Scott Swaaley on his Entrepreneurial Journey at MakeSafe

Scott Swaaley of MakeSafe shares details of his entrepreneurial journey in two videos jointly produced with Altium.

Scott Swaaley on his Entrepreneurial Journey at MakeSafe

Scott Swaaley, founder and CEO of MakeSafe, Inc. was approached by Altium, who asked to do a video profile because he had started MakeSafe using their Schematics Capture and PCB Design tools. I thought his insights and perspectives were well articulated and on target for bootstrappers.

Edited Transcript of Scott’s MakeSafe Journey

My wife always jokes that the thing that I am worst at and all the world is leisure, I just can’t do it. As an engineer, I just look at the built world and I’m constantly finding things.

I think to myself, someone really thought about this. Sometimes it was the opposite and they hadn’t.

As much as that is a gift, it is also a curse.

I’ve been an educator.
I’ve been a consultant.
I’ve been an engineer.
I’ve built solar energy things.
I’ve been a lot of different things.

But I had this anxiety, which took me years to recognize as I was active in the Maker movement. I would go to Maker Faires–I loved that the Maker scene was growing–and see someone who had never used a power tool before. I started to seeing it more and more got a little terrified that as the scene developed something was going to happen.

I remember hearing about this incident at Yale a number of years ago.

[voiceover Excerpts from WGA TV report on Michele Dufault Lathe Accident]: ““Her name was Michele Dufault. And she died a month short of graduation from Yale, from what authorities have revealed she was working in the machine shop of Sterling Chemical laboratory in the middle of the night, when her hair got caught in a lathe.”

What’s interesting is that when I heard that, I assumed it was some huge industrial machine, but I learned that–from what’s been reported–it was actually a relatively small lathe.

I’ve read a lot of OSHA incident reports. The ones that break my heart the most are when the employee does everything they’re supposed to do, and they still get injured or die. This can happen when there is a large industrial machine, and someone gets caught. It’s a very slow-moving machine. So they press the emergency stop button, which is right where it should be. But that machine has inertia, and over a minute, it sucks them in and kills them.

For me, that’s just an engineering failure. If someone tried to do a safety thing, the worker responded in a good way; it’s just that they missed the mark.

I started looking at ways to make machines safer in my free time. And I started tinkering. I was poking around. I remember sitting on my bed, web surfing on my phone, and I found an old patent for DC injection. It’s basically a way to take an AC motor and make it resist rotation. And that was super interesting to me.
I always assumed at that time that the industry had this figured out. My focus was on schools and maker spaces for those who can’t afford stuff.

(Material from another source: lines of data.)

Lemma corner_isometry_of_almost (t : T) : cnorm (p * (cstar t * t) - p) <= 8^-1 ->
  exists r, [/\ p * (cstar (t * r) * (t * r)) = p, cstar r = r & cnorm r <= 3/2].
Proof.
move=> nt.
(* [r = (1 - p + p t^* t)^(-1/2)] *)
pose y := p - p * (cstar t * t).
have sy : cstar y = y by rewrite /y cstarB cstarM cstarM cstarK sp -pc.
have ny : cnorm y <= 8^-1 by rewrite /y cdistC.
have [r [sr rer nr]] := inv_sqrt_one_sub sy ny.
have py : p * y = y by rewrite /y mulrBr pp [p * (p * _)]mulrA pp.
have e : p * (cstar t * t) = p * (1 - y) by rewrite mulrBr mulr1 py /y opprB subrKC.
exists r; split => //.
have -> : p * (cstar (t * r) * (t * r)) = r * (p * (cstar t * t)) * r.
  by rewrite cstarM sr !mulrA (pc r).
by rewrite e !mulrA -(pc r) -(mulrA p) -mulrA rer mulr1.
Qed.

(* Gram-Schmidt in the corner: make [t1] an isometry [s1], remove from [t2] its
   component [s1 s1^* t2] along the range of [s1], and make the rest an isometry. *)
Lemma corner_properly_infinite_of_almost (t1 t2 : T) :
  cnorm (p * (cstar t1 * t1) - p) <= 32^-1 -> cnorm (p * (cstar t2 * t2) - p) <= 32^-1 ->
  cnorm (p * (cstar t1 * t2)) <= 32^-1 -> corner_properly_infinite p.
Proof.
move=> h1 h2 h3.
have h1' : cnorm (p * (cstar t1 * t1) - p) <= 8^-1 by apply: le_trans h1 _; lra.
have [r1 [e1 sr1 nr1]] := corner_isometry_of_almost h1'.
set s1 := t1 * r1 in e1.
pose x := cstar s1 * t2.
pose t2' := t2 - s1 * x.
have sx : cstar x = cstar t2 * s1 by rewrite /x cstarM cstarK.
have orth : p * (cstar s1 * t2') = 0.
  by rewrite /t2' mulrBr [cstar s1 * (s1 * x)]mulrA mulrBr [p * (_ * x)]mulrA e1 subrr.
have E : cstar t2' * t2' =
    cstar t2 * t2 - cstar x * x - (cstar x * x - cstar x * (cstar s1 * s1 * x)).
  rewrite /t2' cstarB cstarM sx mulrBl !mulrBr.
  rewrite [cstar t2 * (s1 * x)]mulrA -sx -[cstar x * cstar s1 * t2]mulrA.
  by rewrite -[cstar x * cstar s1 * (s1 * x)]mulrA [cstar s1 * (s1 * x)]mulrA.
have pxx : p * (cstar x * (cstar s1 * s1 * x)) = p * (cstar x * x).
  rewrite [p * _]mulrA (pc (cstar x)) -mulrA [p * (_ * x)]mulrA e1.
  by rewrite mulrA -(pc (cstar x)) mulrA.
have ht2' : cnorm (p * (cstar t2' * t2') - p) <= 8^-1.
  have -> : p * (cstar t2' * t2') - p = p * (cstar t2 * t2) - p - p * (cstar x * x).
    by rewrite E !mulrBr pxx subrr subr0 addrAC.
  apply: le_trans (cnormB _ _) _.
  have px : p * x = r1 * (p * (cstar t1 * t2)).
    by rewrite /x /s1 cstarM sr1 !mulrA (pc r1).
  have npx : cnorm (p * x) <= 3/2 * 32^-1.
    by rewrite px; apply: le_trans (cnormM _ _) _; apply: ler_pM => //; exact: cnorm_ge0.
  rewrite [p * (cstar x * x)]cstar_proj_mul cnorm_cstar.
  have := cnorm_ge0 (p * x); nra.
have [r2 [e2 sr2 nr2]] := corner_isometry_of_almost ht2'.
exists s1, (t2' * r2); split => //.
by rewrite [cstar s1 * _]mulrA mulrA orth mul0r.
Qed.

You can go into a billion-dollar company’s shop, and it’s worse than a maker space.

If you take reported injuries–which are only a small fraction of the total–that result in people missing days from work and estimate how many could have been directly prevented by a simple DC injection brake like this one, it’s about 40,000 a year. But it’s been at roughly that level for the last 15 years. It’s a flat line: it’s not getting better each year. It should be our responsibility: OSHA says employers must mitigate a known hazard.

Very early in my journey, I realized that this was a much bigger problem than just schools. I wanted to reach the larger market in industry. However, it became clear that this capability had not been offered as an add-on before; we were in a niche that people were not looking for. To sell our products, we had to show people how it worked.

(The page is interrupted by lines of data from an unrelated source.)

Lemma common_split_point K M a b d :
  invariant mul (map inv K) d M -> 0 <= a -> 0 <= b - d ->
  a * INR (length K) <= INR (count A K) -> b * INR (length M) <= INR (count B M) ->
  exists x, a * (b - d) * INR (length K) <= INR (count (splits x) K).
Proof.
  intros HM Ha Hbd HA HB.
  pose proof (invariant_length_pos _ _ _ _ HM) as HMpos.
  assert (Hfiber : forall y, In y K -> A y ->
            (b - d) * INR (length M) <= INR (count (fun x => splits x y) M)).
  { intros y Hy HAy.
    assert (Htr := translate_count mul one inv Hgrp _ _ _ y B (fun x => splits x y) HM
                     (in_map inv K y Hy)).
    enough (INR (count B M) - d * INR (length M) <= INR (count (fun x => splits x y) M)) by lra.
    apply Htr. intros z HBz. split; [exact HAy|].
    rewrite (mul_inv_cancel_l _ _ _ Hgrp); exact HBz. }
  assert (Hdouble : INR (length M) * (a * (b - d) * INR (length K)) <=
                    INR (sum_over M (fun x => count (splits x) K))).
  { rewrite (count_swap splits M K).
    eapply Rle_trans; [|apply sum_over_ge_count; [|exact Hfiber]; nra].
    assert (0 <= (b - d) * INR (length M)) by nra. nra. }
  destruct (exists_above_average M _ _ ltac:(destruct HM; assumption) Hdouble) as [x [_ Hx]].
  exists x; exact Hx.
Qed.

Lemma packing_nil alpha beta :
  0 < alpha -> 0 < beta -> banach_density mul A alpha -> banach_density mul B beta ->
  ab <= alpha * beta -> packing [].
Proof.
  intros Ha Hb HdA HdB Hab H e He.
  pose proof (density_le_1 mul A alpha HdA). pose proof (density_le_1 mul B beta HdB).
  set (d := Rmin (e / 3) (Rmin alpha (beta / 2))).
  assert (Hd : 0 < d) by (unfold d; repeat apply Rmin_glb_lt; lra).
  assert (Hde : d <= e / 3) by apply Rmin_l.
  assert (Hda : d <= alpha) by (eapply Rle_trans; [apply Rmin_r|apply Rmin_l]).
  assert (Hdb : d <= beta / 2) by (eapply Rle_trans; [apply Rmin_r|apply Rmin_r]).
  destruct (density_approx mul A alpha HdA H d Hd) as [K [HK HAK]].
  destruct (density_approx mul B beta HdB (map inv K) d Hd) as [M [HM HBM]].
  destruct (common_split_point K M (alpha - d) (beta - d) d HM) as [x Hx]; try lra; auto.
  pose proof (invariant_length_pos _ _ _ _ HK).
  exists K, x. split; [eapply invariant_mono; eauto; [apply incl_refl|lra]|split].
  - eapply Rle_trans; [|exact Hx]. apply Rmult_le_compat_r; [lra|nra].
  - intros f f' w [].
Qed.

(* Packing bound: the disjoint translates f(A ∩ xB⁻¹), f ∈ F, each of density ≈ ab,
   fit in one invariant set, so |F| ab <= 1. *)
Lemma packing_size_bound F :
  NoDup F -> packing F -> INR (length F) * ab <= 1.
Proof.
  intros Hnd HF. apply Rle_plus_epsilon; intros eps Heps.
  set (m := INR (length F)). assert (Hm : 0 <= m) by apply pos_INR.
  set (e := eps / (2 * (m + 1))).
  assert (He : 0 < e) by (unfold e; apply Rdiv_lt_0_compat; lra).
  assert (Hme : 2 * m * e <= eps).
  { unfold e. apply (Rmult_le_reg_r (2 * (m + 1))); [lra|].
    field_simplify; [nra|lra]. }
  destruct (HF (map inv F) e He) as [K [x [HK [Hcount Hsep]]]].
  pose proof (invariant_length_pos _ _ _ _ HK) as HKpos.
  assert (HKnd : NoDup K) by (destruct HK as [_ [HKnd _]]; exact HKnd).
  assert (Htranslate : forall f, In f F ->
            (ab - 2 * e) * INR (length K) <= INR (count (fun w => shifted_splits f x w) K)).
  { intros f Hf.
    enough (INR (count (splits x) K) - e * INR (length K) <=
            INR (count (fun w => shifted_splits f x w) K)) by lra.
    apply (translate_count mul one inv Hgrp (map inv F) e K f); [exact HK|apply in_map, Hf|].
    intros y Hy. exists y; split; [exact Hy|reflexivity]. }
  assert (Hlow := sum_over_ge F _ _ Htranslate).
  rewrite (count_swap (fun f w => shifted_splits f x w) F K) in Hlow.
  assert (Hup : (sum_over K (fun w => count (fun f => shifted_splits f x w) F) <= length K)%nat).
  { apply sum_over_le_length. intros w Hw. apply count_le_1; [exact Hnd|].
    intros f f' Hf Hf' Hne H1 H2. eapply Hsep; eauto. }
  apply le_INR in Hup. fold m in Hlow.
  assert (m * (ab - 2 * e) <= 1) by (apply (Rmult_le_reg_r (INR (length K))); nra).
  nra.
Qed.

Lemma translate_meets_in_left_prod F g f' x y y' :
  In f' F -> splits x y -> A y' -> mul g y = mul f' y' ->
  left_prod mul F (set_prod mul A B) (mul g x).
Proof.
  intros Hf' [_ HBy] HAy' E. exists f', (mul y' (mul (inv y) x)).
  split; [exact Hf'|split].
  - exists y', (mul (inv y) x); auto.
  - apply (mul_regroup _ _ _ Hgrp); exact E.
Qed.

Lemma separated_cons F K x g :
  separated F K x -> ~ left_prod mul F (set_prod mul A B) (mul g x) ->
  separated (g :: F) K x.
Proof.
  intros Hsep Hout f f' w [<-|Hf] [<-|Hf'] Hne Hw [y [Hy Ew]] [y' [Hy' Ew']].
  - contradiction.
  - apply Hout, (translate_meets_in_left_prod F g f' x y y'); [exact Hf'|exact Hy|apply Hy'|].
    congruence.
  - apply Hout, (translate_meets_in_left_prod F g f x y' y); [exact Hf|exact Hy'|apply Hy|].
    congruence.
  - apply (Hsep f f' w Hf Hf' Hne Hw); [exists y|exists y']; auto.
Qed.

So we go to trade shows and work with distributors of other safety products to get the word out. It’s worked out well so far, we’ve transitioned from one guy to a four person team that is making and shipping product all over the world.

We are at a place where one person can actually start a technical company, we have access to materials like you never did before. When I started I worried the brake was too simple, I was going after low hanging fruit and not detecting faults or doing some fancy engineering. But simple works and prevents injuries.

SKMurphy Take

I first met Scott Swaaley on Dec-29-2017 when he stopped by a Bootstrapper Breakfast at Red Rock Coffee in Mountain View for our end-of-year lessons learned program: “What Have You Learned in 2017 That You Plan to Apply in 2018.” His focus, energy level, and commitment to making a difference immediately impressed me. He had a working prototype for his MakeSafe brake and was looking for help navigating the UL approval process. I made two introductions later that morning, and he had followed up with both by the end of the day.

He has been a member of one of our Mastermind Groups for several years, and I have had the privilege of watching him bootstrap MakeSafe into a going concern. Bootstrapping a hardware startup is more challenging than SaaS or consulting services, but Scott has proven himself equal to the challenge with MakeSafe.